(* Let $X$ be a sequentially complete Hausdorff locally convex vector space and let $x(\cdot):[a,b]\to X$ have weakly compact semivariation on $[a,b]$. Then for every continuous $g:[a,b]\to\mathbb{C}$ the integral $\int_a^b g(t)\,dx(t)$ exists in $X$.
   Context: For $a\le b$ let $E(a,b)=\{\sum_{i=1}^n[x(t_{2i})-x(t_{2i-1})] : n\ge1,\ a\le t_1<t_2<\dots<t_{2n}\le b\}$. The function $x(\cdot)$ has weakly compact semivariation on $[a,b]$ if $E(a,b)$ is relatively weakly compact in $X$ (weak topology $\sigma(X,X')$, $X'$ the topological dual). The integral $\int_a^b g\,dx$ is the limit in the topology of $X$, as the mesh $d=\max_i|t_i-t_{i-1}|\to0$, of the Riemann–Stieltjes sums $\sum_{i=1}^n g(s_i)[x(t_i)-x(t_{i-1})]$ over tagged divisions $a=t_0\le\dots\le t_n=b$, $s_i\in[t_{i-1},t_i]$. *)

From Stdlib Require Import Reals List.
Open Scope R_scope.

Record Cplx := mkC { Re : R ; Im : R }.
Definition C0 : Cplx := mkC 0 0.
Definition C1 : Cplx := mkC 1 0.
Definition Cadd (z w : Cplx) : Cplx := mkC (Re z + Re w) (Im z + Im w).
Definition Copp (z : Cplx) : Cplx := mkC (- Re z) (- Im z).
Definition Cmul (z w : Cplx) : Cplx :=
  mkC (Re z * Re w - Im z * Im w) (Re z * Im w + Im z * Re w).
Definition Cnorm (z : Cplx) : R := sqrt (Re z * Re z + Im z * Im z).

(** * Hausdorff locally convex spaces over C, given by a separating family
    of seminorms (p i)_{i : Idx} which generates the topology. *)
Record LCS := {
  carrier :> Type ;
  vzero : carrier ;
  vadd : carrier -> carrier -> carrier ;
  vopp : carrier -> carrier ;
  vscal : Cplx -> carrier -> carrier ;
  vadd_assoc : forall x y z, vadd x (vadd y z) = vadd (vadd x y) z ;
  vadd_comm : forall x y, vadd x y = vadd y x ;
  vadd_0 : forall x, vadd x vzero = x ;
  vadd_opp : forall x, vadd x (vopp x) = vzero ;
  vscal_1 : forall x, vscal C1 x = x ;
  vscal_assoc : forall a b x, vscal a (vscal b x) = vscal (Cmul a b) x ;
  vscal_distr_v : forall a x y, vscal a (vadd x y) = vadd (vscal a x) (vscal a y) ;
  vscal_distr_c : forall a b x, vscal (Cadd a b) x = vadd (vscal a x) (vscal b x) ;
  Idx : Type ;
  sn : Idx -> carrier -> R ;
  sn_triangle : forall i x y, sn i (vadd x y) <= sn i x + sn i y ;
  sn_homog : forall i a x, sn i (vscal a x) = Cnorm a * sn i x ;
  sn_separating : forall x, (forall i, sn i x = 0) -> x = vzero
}.

Arguments vzero {_}.
Arguments vadd {_} _ _.
Arguments vopp {_} _.
Arguments vscal {_} _ _.
Arguments sn {_} _ _.

Section Defs.
Variable X : LCS.

Definition vsub (x y : X) : X := vadd x (vopp y).

Fixpoint vsum (f : nat -> X) (n : nat) : X :=
  match n with O => vzero | S m => vadd (vsum f m) (f m) end.

Definition seq_converges (u : nat -> X) (l : X) : Prop :=
  forall (i : Idx X) (eps : R), eps > 0 ->
    exists N, forall n, (n >= N)%nat -> sn i (vsub (u n) l) < eps.

Definition cauchy_seq (u : nat -> X) : Prop :=
  forall (i : Idx X) (eps : R), eps > 0 ->
    exists N, forall m n, (m >= N)%nat -> (n >= N)%nat -> sn i (vsub (u m) (u n)) < eps.

Definition sequentially_complete : Prop :=
  forall u, cauchy_seq u -> exists l, seq_converges u l.

(** Topological dual X': linear functionals continuous for the topology
    generated by the seminorms (basic neighbourhoods of x:
    {y | forall i in L, p_i (y - x) < delta}, L finite). *)
Definition is_linear_functional (f : X -> Cplx) : Prop :=
  (forall x y, f (vadd x y) = Cadd (f x) (f y)) /\
  (forall a x, f (vscal a x) = Cmul a (f x)).

Definition continuous_functional (f : X -> Cplx) : Prop :=
  forall (x : X) (eps : R), eps > 0 ->
    exists (L : list (Idx X)) (delta : R), delta > 0 /\
      forall y, (forall i, In i L -> sn i (vsub y x) < delta) ->
        Cnorm (Cadd (f y) (Copp (f x))) < eps.

Definition in_dual (f : X -> Cplx) : Prop :=
  is_linear_functional f /\ continuous_functional f.

Definition weakly_open (U : X -> Prop) : Prop :=
  forall x, U x ->
    exists (fs : list (X -> Cplx)) (delta : R),
      (forall f, In f fs -> in_dual f) /\ delta > 0 /\
      forall y, (forall f, In f fs -> Cnorm (Cadd (f y) (Copp (f x))) < delta) -> U y.

Definition weak_closure (E : X -> Prop) (x : X) : Prop :=
  forall U, weakly_open U -> U x -> exists y, U y /\ E y.

Definition weakly_compact (K : X -> Prop) : Prop :=
  forall (J : Type) (U : J -> X -> Prop),
    (forall j, weakly_open (U j)) ->
    (forall x, K x -> exists j, U j x) ->
    exists (l : list J), forall x, K x -> exists j, In j l /\ U j x.

Definition relatively_weakly_compact (E : X -> Prop) : Prop :=
  weakly_compact (weak_closure E).

Definition Eab (x : R -> X) (a b : R) (e : X) : Prop :=
  exists (n : nat) (t : nat -> R),
    (n >= 1)%nat /\ a <= t 1%nat /\
    (forall k, (1 <= k < 2 * n)%nat -> t k < t (S k)) /\
    t (2 * n)%nat <= b /\
    e = vsum (fun k => vsub (x (t (2 * k + 2)%nat)) (x (t (2 * k + 1)%nat))) n.

Definition weakly_compact_semivariation (x : R -> X) (a b : R) : Prop :=
  relatively_weakly_compact (Eab x a b).

Definition tagged_division (a b : R) (n : nat) (t s : nat -> R) : Prop :=
  t O = a /\ t n = b /\
  (forall k, (1 <= k <= n)%nat -> t (pred k) <= t k) /\
  (forall k, (1 <= k <= n)%nat -> t (pred k) <= s k <= t k).

Definition mesh_lt (n : nat) (t : nat -> R) (delta : R) : Prop :=
  forall k, (1 <= k <= n)%nat -> t k - t (pred k) < delta.

Definition RS_sum (g : R -> Cplx) (x : R -> X) (n : nat) (t s : nat -> R) : X :=
  vsum (fun k => vscal (g (s (S k))) (vsub (x (t (S k))) (x (t k)))) n.

Definition RS_integral_is (g : R -> Cplx) (x : R -> X) (a b : R) (I : X) : Prop :=
  forall (i : Idx X) (eps : R), eps > 0 ->
    exists delta, delta > 0 /\
      forall n t s, tagged_division a b n t s -> mesh_lt n t delta ->
        sn i (vsub (RS_sum g x n t s) I) < eps.

Definition RS_integrable (g : R -> Cplx) (x : R -> X) (a b : R) : Prop :=
  exists I, RS_integral_is g x a b I.

End Defs.

Definition continuous_on_C (g : R -> Cplx) (a b : R) : Prop :=
  forall t, a <= t <= b -> forall eps, eps > 0 ->
    exists delta, delta > 0 /\
      forall u, a <= u <= b -> Rabs (u - t) < delta ->
        Cnorm (Cadd (g u) (Copp (g t))) < eps.

(** Let [E = E(a,b)] be the set of sums of increments of [x] over finitely
    many disjoint subintervals of [[a,b]].  The proof has two halves.

    A relatively weakly compact set is weakly bounded: every
      [f] in the dual is bounded on it.  By a gliding-hump argument, which
      uses the Hahn–Banach theorem (proved here from Zorn's lemma), a weakly
      bounded set is bounded for every seminorm: [p_i e <= B_i] on [E].
    - Cauchy estimate.  Sums [sum_k c_k (x(u_{k+1}) - x(u_k))] over a monotone
      chain in [[a,b]] with real [c_k] in [[-1,1]] are convex combinations of
      differences of two elements of [E ∪ {0}], hence have [p_i <= 2 B_i];
      complex coefficients of modulus [<= eta] give [p_i <= 4 B_i eta].
      Writing the difference of two Riemann–Stieltjes sums over their common
      refinement, with coefficients [g(s) - g(s')] that are small by uniform
      continuity of [g], gives [p_i (S(P) - S(P')) <= 4 B_i eta] as soon as
      both meshes are small, with a mesh bound independent of [i].
    Such a uniform Cauchy estimate yields, by sequential completeness, the
    limit of the Riemann–Stieltjes sums. *)

From Stdlib Require Import Reals Lra Lia List ClassicalEpsilon Classical.
From Coquelicot Require Import Hierarchy Series.
From mathcomp Require classical_sets boolp.
From Corelib Require ssrbool.
Open Scope R_scope.

Lemma Rabs_le_inv r e : Rabs r <= e -> - e <= r <= e.
Proof. unfold Rabs. destruct (Rcase_abs r); lra. Qed.

Lemma Cnorm_real r : Cnorm (mkC r 0) = Rabs r.
Proof.
  unfold Cnorm; simpl. replace (r * r + 0 * 0) with (Rsqr r) by (unfold Rsqr; ring).
  apply sqrt_Rsqr_abs.
Qed.

Lemma Cnorm_nonneg z : 0 <= Cnorm z.
Proof. apply sqrt_pos. Qed.

Lemma Re_le_Cnorm z : Rabs (Re z) <= Cnorm z.
Proof.
  unfold Cnorm. rewrite <- sqrt_Rsqr_abs. apply sqrt_le_1_alt. unfold Rsqr.
  pose proof (Rle_0_sqr (Im z)). unfold Rsqr in H. lra.
Qed.

Lemma Im_le_Cnorm z : Rabs (Im z) <= Cnorm z.
Proof.
  unfold Cnorm. rewrite <- sqrt_Rsqr_abs. apply sqrt_le_1_alt. unfold Rsqr.
  pose proof (Rle_0_sqr (Re z)). unfold Rsqr in H. lra.
Qed.

Lemma Cnorm_le_sum z : Cnorm z <= Rabs (Re z) + Rabs (Im z).
Proof.
  destruct z as [p q]; unfold Cnorm; simpl.
  pose proof (Rabs_pos p); pose proof (Rabs_pos q).
  rewrite <- (sqrt_Rsqr (Rabs p + Rabs q)) by lra.
  apply sqrt_le_1_alt. unfold Rsqr.
  assert (p * p = Rabs p * Rabs p) by (rewrite <- Rabs_mult, Rabs_right; nra).
  assert (q * q = Rabs q * Rabs q) by (rewrite <- Rabs_mult, Rabs_right; nra).
  nra.
Qed.

Lemma Cnorm_triangle z w : Cnorm (Cadd z w) <= Cnorm z + Cnorm w.
Proof.
  destruct z as [p q]; destruct w as [r s]; unfold Cnorm, Cadd; simpl.
  set (A := p * p + q * q). set (B := r * r + s * s).
  assert (HA : 0 <= A) by (unfold A; nra). assert (HB : 0 <= B) by (unfold B; nra).
  pose proof (sqrt_pos A); pose proof (sqrt_pos B).
  rewrite <- (sqrt_Rsqr (sqrt A + sqrt B)) by lra.
  apply sqrt_le_1_alt. unfold Rsqr.
  replace ((sqrt A + sqrt B) * (sqrt A + sqrt B))
    with (sqrt A * sqrt A + sqrt B * sqrt B + 2 * (sqrt A * sqrt B)) by ring.
  rewrite !sqrt_sqrt, <- sqrt_mult by auto.
  (* Cauchy–Schwarz in R^2 *)
  assert (p * r + q * s <= sqrt (A * B)).
  { destruct (Rle_or_lt (p * r + q * s) 0). { pose proof (sqrt_pos (A * B)); lra. }
    rewrite <- (sqrt_Rsqr (p * r + q * s)) by lra. apply sqrt_le_1_alt.
    unfold Rsqr, A, B. pose proof (Rle_0_sqr (p * s - q * r)). unfold Rsqr in *. nra. }
  unfold A, B in *. nra.
Qed.

Lemma Cnorm_Csub_sym z w : Cnorm (Cadd z (Copp w)) = Cnorm (Cadd w (Copp z)).
Proof. unfold Cnorm, Cadd, Copp; simpl. f_equal; ring. Qed.

Arguments vadd_assoc {_} _ _ _.
Arguments vadd_comm {_} _ _.
Arguments vadd_0 {_} _.
Arguments vadd_opp {_} _.
Arguments vscal_1 {_} _.
Arguments vscal_assoc {_} _ _ _.
Arguments vscal_distr_v {_} _ _ _.
Arguments vscal_distr_c {_} _ _ _.
Arguments sn_triangle {_} _ _ _.
Arguments sn_homog {_} _ _ _.
Arguments vsub {_} _ _.
Arguments vsum {_} _ _.

Section VectorAlgebra.
Context {X : LCS}.
Implicit Types x y z : X.
Implicit Types f h : nat -> X.

Lemma vadd_0l x : vadd vzero x = x.
Proof. rewrite vadd_comm; apply vadd_0. Qed.

Lemma vadd_oppl x : vadd (vopp x) x = vzero.
Proof. rewrite vadd_comm; apply vadd_opp. Qed.

Lemma vadd_cancel_l y x z : vadd y x = vadd y z -> x = z.
Proof.
  intros H. rewrite <- (vadd_0l x), <- (vadd_0l z), <- (vadd_oppl y), <- !vadd_assoc, H.
  reflexivity.
Qed.

Lemma vopp_unique x y : vadd x y = vzero -> y = vopp x.
Proof. intros H. apply (vadd_cancel_l x). rewrite H, vadd_opp. reflexivity. Qed.

Lemma vopp_opp x : vopp (vopp x) = x.
Proof. symmetry. apply vopp_unique, vadd_oppl. Qed.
◇ ◇ ◇ ◇
**Description of the task:**
Say how many lines of the listing above contain "intros", with no other words.

**Output below:**
2